David Baron's Weblog

Semantic markup, browsers, and identity in the DOM

Friday, 2020-02-21, 12:32 -0800

HTML was initially designed as a semantic markup language, with elements having semantics (meaning) describing general roles within a document. These semantic elements have been added to over time. Markup as it is used on the web is often criticized for not following the semantics, but rather being a soup of divs and spans, the most generic sorts of elements. The Web has also evolved over the last 25 years from a web of documents to a web where many of the most visited pages are really applications rather than documents. The HTML markup used on the Web is a representation of a tree structure, and the user interface of these web applications is often based on dynamic changes made through the DOM, which is what we call both the live representation of that tree structure and the API through which that representation is accessed.
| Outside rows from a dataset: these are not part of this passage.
Lemma derive1_eq0_of_constant_on (F : R -> R) (a b x : R) :
  (forall y z, a < y < b -> a < z < b -> F y = F z) -> a < x < b -> F^`()%classic x = 0.
Proof.
move=> F_const x_ab; rewrite derive1E (@near_eq_derive _ _ _ F (cst (F x))).
  by rewrite -derive1E derive1_cst.
have x_in : x \in `]a, b[ by rewrite in_itv.
near=> y; have : y \in `]a, b[ by near: y; exact: near_in_itvoo.
by rewrite in_itv /= => y_ab; exact: F_const.
Unshelve. all: by end_near.
Qed.

Lemma ae_eq0_of_Rint_itv_eq0 (u : R -> R) : LinftyR u ->
  (forall a b, 0 < a -> a < b -> b < 2 * pi -> Rintegral leb `]a, b[ u = 0) ->
  {ae leb, forall t, circ t -> u t = 0}.
Proof.
move=> Lu u_itv; set f := u \_ circ.
have f_int A : measurable A -> leb.-integrable A (EFin \o f).
  move=> mA; apply: integrableS (subsetT _) _ => //.
  rewrite /f -restrict_EFin; apply/(@integrable_mkcond _ _ _ leb circ _ measurable_circ).1.
  exact: LinftyR_integrable.
have f_loc : locally_integrable [set: R] f.
  by apply: integrable_locally; [exact: measurable_circ | exact: LinftyR_integrable].
set F := fun x => Rintegral leb [set` Interval (BLeft 0) (BRight x)] f.
have F_const y z : 0 < y < 2 * pi -> 0 < z < 2 * pi -> F y = F z.
  wlog yz : y z / y < z.
    move=> wlog_yz y_bnd z_bnd; case: (ltgtP y z) => [yz|zy|-> //].
      exact: wlog_yz.
    by apply/esym; exact: wlog_yz.
  move=> /andP[y_gt0 _] /andP[_ z_lt]; apply/esym/eqP.
  rewrite -subr_eq0 /F Rintegral_itvB ?bnd_simp ?(ltW y_gt0) ?(ltW yz) //; last first.
    by apply: f_int; exact: measurable_itv.
  rewrite -Rintegral_itv_bndo_bndc; last by apply: f_int; exact: measurable_itv.
  rewrite -(u_itv y z) //; apply/eqP/eq_Rintegral => t.
  rewrite inE /= in_itv /= => /andP[? ?].
  by rewrite mem_set // /circ /= in_itv /=; apply/andP; split; lra.
have ends_neq : {ae leb, forall t, t != 0 /\ t != 2 * pi}.
  by apply: (@ae_neq2 0 (2 * pi)) => t ? ?; split.
move: (FTC1 (fun y => f_int _ (measurable_itv `[0, y])) f_loc) ends_neq.
apply: filterS2 => t FTC_t [t_neq0 t_neq2pi] circ_t.
have /andP[t_ge0 t_le2pi] : 0 <= t <= 2 * pi by move: circ_t; rewrite /circ /= in_itv.
have t_bnd : 0 < t < 2 * pi by rewrite !lt_neqAle eq_sym t_neq0 t_neq2pi t_ge0 t_le2pi.
have [_] := FTC_t (ltac:(by rewrite ?bnd_simp ?lte_fin; case/andP: t_bnd)).
by rewrite (derive1_eq0_of_constant_on F_const t_bnd) /f patchE mem_set.
Qed.

Lemma Rint_eq0_of_bounded_cvg_indic (u : R -> R) (h : nat -> R -> R) (A : set R) :
  LinftyR u -> measurable A -> A `<=` circ ->
  (forall k, LinftyR (h k)) -> (forall k t, `|h k t| <= 1) ->
  {ae leb, forall t, circ t -> h k t @[k --> \oo] --> (\1_A t : R)} ->
  (forall k, Rint (fun t => u t * h k t) = 0) -> Rintegral leb A u = 0.
Proof.
move=> Lu mA A_circ Lh h_le1 h_cvg uh0; pose f k t := u t * h k t.
have Lf k : LinftyR (f k) by exact: LinftyRM.
have int_f k : (\int[leb]_(t in circ) (f k t)%:E = 0)%E.
  rewrite -[LHS]fineK; first by rewrite [fine _]uh0.
  by apply: integrable_fin_num; [exact: measurable_circ | exact: LinftyR_integrable].
have m_patch : measurable_fun circ (EFin \o (u \_ A)).
  apply/measurable_EFinP; apply: (measurable_restrict u mA measurable_circ).1.
  by apply: measurable_funS measurable_circ _ Lu.1; exact: subIsetl.
have mf_ k : measurable_fun circ (fun t => (f k t)%:E).
  by apply/measurable_EFinP; exact: (Lf k).1.
have f_cvg : {ae leb, forall t, circ t ->
    (fun k => (f k t)%:E) @ \oo --> (EFin \o (u \_ A)) t}.
  move: h_cvg; apply: filterS => t h_cvg_t circ_t.
  apply: cvg_EFin; first exact: nearW.
  by rewrite patch_indic /=; apply: cvgMl_tmp; exact: h_cvg_t.
have f_le : {ae leb, forall t k, circ t -> `|(f k t)%:E| <= `|u t|%:E}%E.
  by apply: aeW => t k _; rewrite lee_fin normrM ler_piMr.
have [_ _] := @dominated_convergence _ _ _ leb _ measurable_circ _ _ _ mf_ m_patch f_cvg
  (integrable_norm (LinftyR_integrable Lu)) f_le.
have -> : (fun k => \int[leb]_(t in circ) (f k t)%:E)%E = (fun=> 0%E).
  by apply/funext => k; exact: int_f.
move=> int_cvg; have int_patch : (\int[leb]_(t in circ) ((u \_ A) t)%:E = 0)%E.
  by apply: (cvg_unique _ int_cvg); [exact: ereal_hausdorff | exact: cvg_cst].
by rewrite -(setIidr A_circ) Rintegral_mkcondr /Rintegral int_patch.
Qed.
Browsers exist as tools for users to browse the Web; they strike a balance between showing the content as its author intended versus adapting that content to the device it is being displayed on and the preferences or needs of the user.
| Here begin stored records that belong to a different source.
(* Let $S$ be a nonempty compact (not necessarily convex) set in the plane and fix $0<\alpha<\pi$. Then there exist a point $O$ and two rays $q,r$ emanating from $O$ forming an angle $\alpha$ such that $S$ is contained in the closed convex wedge bounded by $q$ and $r$, $q$ meets the convex hull of $S$ in exactly one point $X$, $r$ meets the convex hull of $S$ in exactly one point $Y$, $X,Y\in S$, and $|OX|=|OY|$. *)

From Stdlib Require Import Reals.
Open Scope R_scope.

Definition pt := (R * R)%type.

Definition padd (p q : pt) : pt := (fst p + fst q, snd p + snd q).
Definition pscale (t : R) (p : pt) : pt := (t * fst p, t * snd p).
Definition dot (p q : pt) : R := fst p * fst q + snd p * snd q.
Definition norm (p : pt) : R := sqrt (dot p p).
Definition pdist (p q : pt) : R :=
  sqrt ((fst p - fst q) ^ 2 + (snd p - snd q) ^ 2).

Definition seq_cv (u : nat -> pt) (l : pt) : Prop :=
  forall eps, eps > 0 -> exists N, forall n, (n >= N)%nat -> pdist (u n) l < eps.
Definition closed_set (S : pt -> Prop) : Prop :=
  forall (u : nat -> pt) (l : pt), (forall n, S (u n)) -> seq_cv u l -> S l.
Definition bounded_set (S : pt -> Prop) : Prop :=
  exists M, forall p, S p -> norm p <= M.
(* compact in R^2 = closed and bounded (Heine-Borel) *)
Definition compact_set (S : pt -> Prop) : Prop := closed_set S /\ bounded_set S.

Definition convex_set (C : pt -> Prop) : Prop :=
  forall p q t, C p -> C q -> 0 <= t <= 1 ->
    C (padd (pscale (1 - t) p) (pscale t q)).
Definition conv_hull (S : pt -> Prop) (p : pt) : Prop :=
  forall C, convex_set C -> (forall x, S x -> C x) -> C p.

Definition ray (O u : pt) (p : pt) : Prop :=
  exists t, 0 <= t /\ p = padd O (pscale t u).
Definition wedge (O u v : pt) (p : pt) : Prop :=
  exists s t, 0 <= s /\ 0 <= t /\ p = padd O (padd (pscale s u) (pscale t v)).

(* Directions of the plane are parametrised by an angle: dir t = (cos t, sin t).  For a
   selection X t of points of S minimising the linear functional <., dir t>, the support
   function h t = <X t, dir t> ([support]) is Lipschitz and 2π-periodic; let H be its
   primitive ([primitive]).  Fix the angle alpha, put g = π - alpha and consider

       phi t = cos(alpha/2) (h t + h (t+g)) - sin(alpha/2) (H (t+g) - H t).

   phi is continuous and periodic, hence has a minimiser tm.  Freezing the contact points
   of the two support lines with inner normals dir tm and dir (tm+g) gives a smooth
   majorant of phi touching it at tm; Fermat's rule for it (lemma [stationarity]) yields
   one linear relation between the tangential coordinates of the contact points.  This
   relation forces each support line to meet S in a single point ([contact_unique_left],
   [contact_unique_right]) and the two contact points to be equidistant from the apex of
   the wedge bounded by these lines ([balanced_offsets]). *)

From Coquelicot Require Import Coquelicot.
From Stdlib Require Import Reals Lra Nsatz ClassicalEpsilon.
Open Scope R_scope.

Definition dir (t : R) : pt := (cos t, sin t).
Definition dirL (t : R) : pt := (- sin t, cos t).
Definition dirR (t : R) : pt := (sin t, - cos t).

(* Pythagoras for the unit circle, in the product form used by [nsatz] and [ring]. *)
Lemma cos_sin_sq (t : R) : cos t * cos t + sin t * sin t = 1.
Proof. pose proof (sin2_cos2 t) as H; unfold Rsqr in H; lra. Qed.

Lemma dist2_frame (t : R) (p q : pt) :
  (fst p - fst q) ^ 2 + (snd p - snd q) ^ 2 =
  (dot p (dir t) - dot q (dir t)) ^ 2 + (dot p (dirL t) - dot q (dirL t)) ^ 2.
Proof.
  pose proof (cos_sin_sq t). destruct p, q; unfold dot, dir, dirL; simpl. nsatz.
Qed.

Lemma pt_eq_frame (t : R) (p q : pt) :
  dot p (dir t) = dot q (dir t) -> dot p (dirL t) = dot q (dirL t) -> p = q.
Proof.
  pose proof (cos_sin_sq t). destruct p, q; unfold dot, dir, dirL; simpl.
  intros; f_equal; nsatz.
Qed.

Lemma frame_point_coords (t m l : R) :
  let L := padd (pscale m (dir t)) (pscale l (dirL t)) in
  dot L (dir t) = m /\ dot L (dirL t) = l.
Proof.
  pose proof (cos_sin_sq t). unfold dot, padd, pscale, dir, dirL; simpl.
  split; nsatz.
Qed.

Lemma pdist_lt_frame (t eps : R) (p q : pt) :
  Rabs (dot p (dir t) - dot q (dir t)) < eps / 2 ->
  Rabs (dot p (dirL t) - dot q (dirL t)) < eps / 2 -> pdist p q < eps.
Proof.
  intros Ha Hb. unfold pdist. rewrite (dist2_frame t).
  set (a := dot p (dir t) - dot q (dir t)) in *.
  set (b := dot p (dirL t) - dot q (dirL t)) in *.
  apply Rabs_def2 in Ha, Hb.
  apply Rlt_le_trans with (sqrt (eps ^ 2)).
  - apply sqrt_lt_1_alt. split; nra.
  - rewrite sqrt_pow2; lra.
Qed.

Lemma pdist_along (O u : pt) (s : R) : 0 <= s -> dot u u = 1 ->
  pdist O (padd O (pscale s u)) = s.
Proof.
  intros Hs Hu. unfold pdist, padd, pscale; cbn [fst snd].
  unfold dot in Hu.
  replace ((fst O - (fst O + s * fst u)) ^ 2 + (snd O - (snd O + s * snd u)) ^ 2)
    with (s ^ 2) by (rewrite <- (Rmult_1_r (s ^ 2)), <- Hu; ring).
  apply sqrt_pow2; exact Hs.
Qed.

Lemma norm_unit (u : pt) : dot u u = 1 -> norm u = 1.
Proof. intro H. unfold norm. rewrite H. apply sqrt_1. Qed.

Lemma dirL_unit (t : R) : dot (dirL t) (dirL t) = 1.
Proof. unfold dot, dirL; cbn [fst snd]. rewrite <- (cos_sin_sq t). ring. Qed.

Lemma dirR_unit (t : R) : dot (dirR t) (dirR t) = 1.
Proof. unfold dot, dirR; cbn [fst snd]. rewrite <- (cos_sin_sq t). ring. Qed.

Lemma dirL_perp (t : R) : dot (dirL t) (dir t) = 0.
Proof. unfold dot, dirL, dir; cbn [fst snd]. ring. Qed.

Lemma dirR_perp (t : R) : dot (dirR t) (dir t) = 0.
Proof. unfold dot, dirR, dir; cbn [fst snd]. ring. Qed.

Lemma dot_dirL_dirR (t g : R) : dot (dirL t) (dirR (t + g)) = - cos g.
Proof.
  unfold dot, dirL, dirR; cbn [fst snd].
  replace (cos g) with (cos (t + g - t)) by (f_equal; ring). rewrite cos_minus. ring.
Qed.

Lemma coords_le_norm (p : pt) : Rabs (fst p) <= norm p /\ Rabs (snd p) <= norm p.
Proof.
  unfold norm, dot. split; rewrite <- sqrt_Rsqr_abs; apply sqrt_le_1_alt; unfold Rsqr; nra.
Qed.

Lemma dir_periodic (t : R) : dir (t + 2 * PI) = dir t.
Proof. unfold dir. rewrite cos_plus, sin_plus, cos_2PI, sin_2PI. f_equal; ring. Qed.

Lemma dir_dot_lipschitz (p : pt) (x y : R) :
  Rabs (dot p (dir x) - dot p (dir y)) <= 2 * norm p * Rabs (x - y).
Proof.
  destruct (MVT_abs cos (fun c => - sin c) y x) as [c [Hc _]].
  { intros; apply derivable_pt_lim_cos. }
  destruct (MVT_abs sin cos y x) as [c' [Hc' _]].
  { intros; apply derivable_pt_lim_sin. }
  assert (Hcos : Rabs (cos x - cos y) <= Rabs (x - y)).
  { rewrite Hc, Rabs_Ropp. pose proof (Rabs_pos (x - y)).
    pose proof (SIN_bound c). assert (Rabs (sin c) <= 1) by (apply Rabs_le; lra). nra. }
  assert (Hsin : Rabs (sin x - sin y) <= Rabs (x - y)).
  { rewrite Hc'. pose proof (Rabs_pos (x - y)).
    pose proof (COS_bound c'). assert (Rabs (cos c') <= 1) by (apply Rabs_le; lra). nra. }
  destruct (coords_le_norm p) as [H1 H2].
  unfold dot, dir; cbn [fst snd].
  replace (fst p * cos x + snd p * sin x - (fst p * cos y + snd p * sin y))
    with (fst p * (cos x - cos y) + snd p * (sin x - sin y)) by ring.
  eapply Rle_trans; [apply Rabs_triang|]. rewrite !Rabs_mult.
  pose proof (Rabs_pos (fst p)). pose proof (Rabs_pos (snd p)).
  pose proof (Rabs_pos (cos x - cos y)). pose proof (Rabs_pos (sin x - sin y)). nra.
Qed.

Lemma dir_dot_derive (p : pt) (t : R) : is_derive (fun s => dot p (dir s)) t (dot p (dirL t)).
Proof. unfold dot, dir, dirL; cbn [fst snd]. auto_derive; [exact I | ring]. Qed.

Lemma ray_dot (O u n p : pt) : dot u n = 0 -> ray O u p -> dot p n = dot O n.
Proof.
  intros Hu [s [_ ->]]. transitivity (dot O n + s * dot u n).
  - unfold dot, padd, pscale; cbn [fst snd]. ring.
  - rewrite Hu. ring.
Qed.

Lemma dot_bounded (S : pt -> Prop) (d : pt) : bounded_set S ->
  exists K, forall p, S p -> Rabs (dot p d) <= K.
Proof.
  intros [M HM]. exists (M * (Rabs (fst d) + Rabs (snd d))). intros p Hp.
  destruct (coords_le_norm p) as [Hx Hy]. specialize (HM p Hp). unfold dot.
  eapply Rle_trans; [apply Rabs_triang|]. rewrite !Rabs_mult.
  pose proof (Rabs_pos (fst d)). pose proof (Rabs_pos (snd d)). nra.
Qed.

Lemma linear_inf (S : pt -> Prop) (d : pt) : (exists p, S p) -> bounded_set S ->
  exists m, (forall p, S p -> m <= dot p d) /\
            (forall eps, 0 < eps -> exists p, S p /\ dot p d < m + eps).
Proof.
  intros [p0 Hp0] Hbd. destruct (dot_bounded S d Hbd) as [K HK].
  set (E := fun r => exists p, S p /\ r = - dot p d).
  destruct (completeness E) as [l [Hub Hleast]].
  - exists K. intros r [p [Hp ->]]. specialize (HK p Hp).
    unfold Rabs in HK; destruct Rcase_abs; lra.
  - exists (- dot p0 d), p0. auto.
  - exists (- l). split.
    + intros p Hp. assert (Hl : - dot p d <= l) by (apply Hub; exists p; auto). lra.
    + intros eps Heps. apply NNPP. intro Hno.
      assert (Hl : l <= l - eps); [|lra].
      apply Hleast. intros r [p [Hp ->]]. apply Rnot_lt_le. intro Hlt.
      apply Hno. exists p. split; [exact Hp | lra].
Qed.

Lemma cluster_value (g : nat -> R) (K : R) : (forall n, Rabs (g n) <= K) ->
  exists l, forall eps N, 0 < eps -> exists n, (N <= n)%nat /\ Rabs (g n - l) < eps.
Proof.
  intro Hg.
  destruct (Bolzano_Weierstrass g (fun c => - K <= c <= K)) as [l Hl].
  - apply compact_P3.
  - intro n. specialize (Hg n). unfold Rabs in Hg; destruct Rcase_abs; lra.
  - exists l. intros eps N Heps.
    destruct (Hl (disc l (mkposreal _ Heps)) N) as [n [Hn Hv]].
    + exists (mkposreal _ Heps). intros x Hx. exact Hx.
    + exists n. split; [exact Hn | exact Hv].
Qed.

Lemma inv_INR_small (eps : R) : 0 < eps ->
  exists N, forall n, (N <= n)%nat -> / (INR n + 1) < eps.
Proof.
  intro Heps. destruct (archimed_cor1 eps Heps) as [N [HN HN0]].
  exists N. intros n Hn. apply Rle_lt_trans with (/ INR N); [|exact HN].
  apply Rinv_le_contravar; [apply lt_0_INR; exact HN0|].
  pose proof (le_INR _ _ Hn). lra.
Qed.

Lemma closed_of_approx (S : pt -> Prop) (L : pt) : closed_set S ->
  (forall eps, 0 < eps -> exists q, S q /\ pdist q L < eps) -> S L.
Proof.
  intros Hcl Happ.
  assert (Hn : forall n : nat, exists q, S q /\ pdist q L < / (INR n + 1)).
  { intro n. apply Happ. apply Rinv_0_lt_compat. pose proof (pos_INR n). lra. }
  destruct (choice _ Hn) as [u Hu].
  apply (Hcl u); [intro n; apply Hu|].
  intros eps Heps. destruct (inv_INR_small eps Heps) as [N HN].
  exists N. intros n Hnn. eapply Rlt_trans; [apply Hu | apply HN; exact Hnn].
Qed.

(* Along a minimising
   sequence the coordinate in direction dir t converges to the infimum m; a cluster value l
   of the orthogonal coordinate then gives a limit point m dir t + l dirL t in S. *)
Lemma linear_min_attained (S : pt -> Prop) (t : R) : (exists p, S p) -> compact_set S ->
  exists X, S X /\ forall p, S p -> dot X (dir t) <= dot p (dir t).
Proof.
  intros Hne [Hcl Hbd].
  destruct (linear_inf S (dir t) Hne Hbd) as [m [Hm Happ]].
  assert (Hseq : forall n : nat, exists p, S p /\ dot p (dir t) < m + / (INR n + 1)).
  { intro n. apply Happ. apply Rinv_0_lt_compat. pose proof (pos_INR n). lra. }
  destruct (choice _ Hseq) as [pn Hpn].
  destruct (dot_bounded S (dirL t) Hbd) as [K HK].
  destruct (cluster_value (fun n => dot (pn n) (dirL t)) K) as [l Hl].
  { intro n. apply HK, Hpn. }
  set (L := padd (pscale m (dir t)) (pscale l (dirL t))).
  destruct (frame_point_coords t m l) as [HL1 HL2]; fold L in HL1, HL2.
  exists L. split.
  - apply (closed_of_approx S L Hcl). intros eps Heps.
    destruct (inv_INR_small (eps / 2)) as [N HN]; [lra|].
    destruct (Hl (eps / 2) N) as [n [Hn Hln]]; [lra|].
    exists (pn n). split; [apply Hpn|].
    apply (pdist_lt_frame t); rewrite ?HL1, ?HL2; [|exact Hln].
    destruct (Hpn n) as [Hs Hlt]. pose proof (Hm _ Hs). pose proof (HN n Hn).
    rewrite Rabs_pos_eq; lra.
  - intros p Hp. rewrite HL1. apply Hm, Hp.
Qed.

Lemma lipschitz_continuous (f : R -> R) (K : R) : 0 <= K ->
  (forall x y, Rabs (f x - f y) <= K * Rabs (x - y)) -> forall x, continuity_pt f x.
Proof.
  intros HK Hf x eps Heps. exists (eps / (K + 1)). split; [apply Rdiv_lt_0_compat; lra|].
  intros y [_ Hy]. simpl in *. unfold R_dist in *.
  eapply Rle_lt_trans; [apply Hf|].
  apply Rle_lt_trans with (K * (eps / (K + 1))); [apply Rmult_le_compat_l; lra|].
  apply (Rmult_lt_reg_r (K + 1)); [lra|].
  replace (K * (eps / (K + 1)) * (K + 1)) with (K * eps) by (field; lra). nra.
Qed.

(* Throughout this section S is bounded by M and X t is a point of S minimising <., dir t>,
   so that support t is the value of the support function of S at the inner normal dir t. *)
Section SupportFunction.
Given the unreliable use of semantics on the Web, most of the ways browsers adapt content to the user rarely depend deeply on semantics, although some of them (such as reader mode) do have significant dependencies. However, browser adaptations of content or interventions that browsers make on behalf of the user very frequently depend on the persistent object identity in the DOM. That is, nodes in the DOM tree (such as sections of the page, or paragraphs) have an identity over the lifetime of the page, and many things that browsers do depend on that identity being consistent over time. For example, exposing the page to a screen reader, scroll anchoring, and I think some aspects of ad blocking all depend on the idea that there are elements in the web page that the browser understands the identity of over time.

This might seem like it's not a very interesting observation. However, I believe it's important in the context of frameworks, like React, that use a programming model (which many developers find easier) where the developer writes code to map application state to user interface rather than having to worry about constantly altering the DOM to match the current state. These frameworks have an expensive step where they have to map the generated virtual DOM into a minimal set of changes to the real DOM. It is well known that it's important for performance for this set of changes to be minimal, since making fewer changes to the DOM results in the browser doing less work to render the updated page. However, this process is also important for the site to be a true part of the Web, since this rectification is important for being something that the browser can properly adapt to the device and to the user's needs.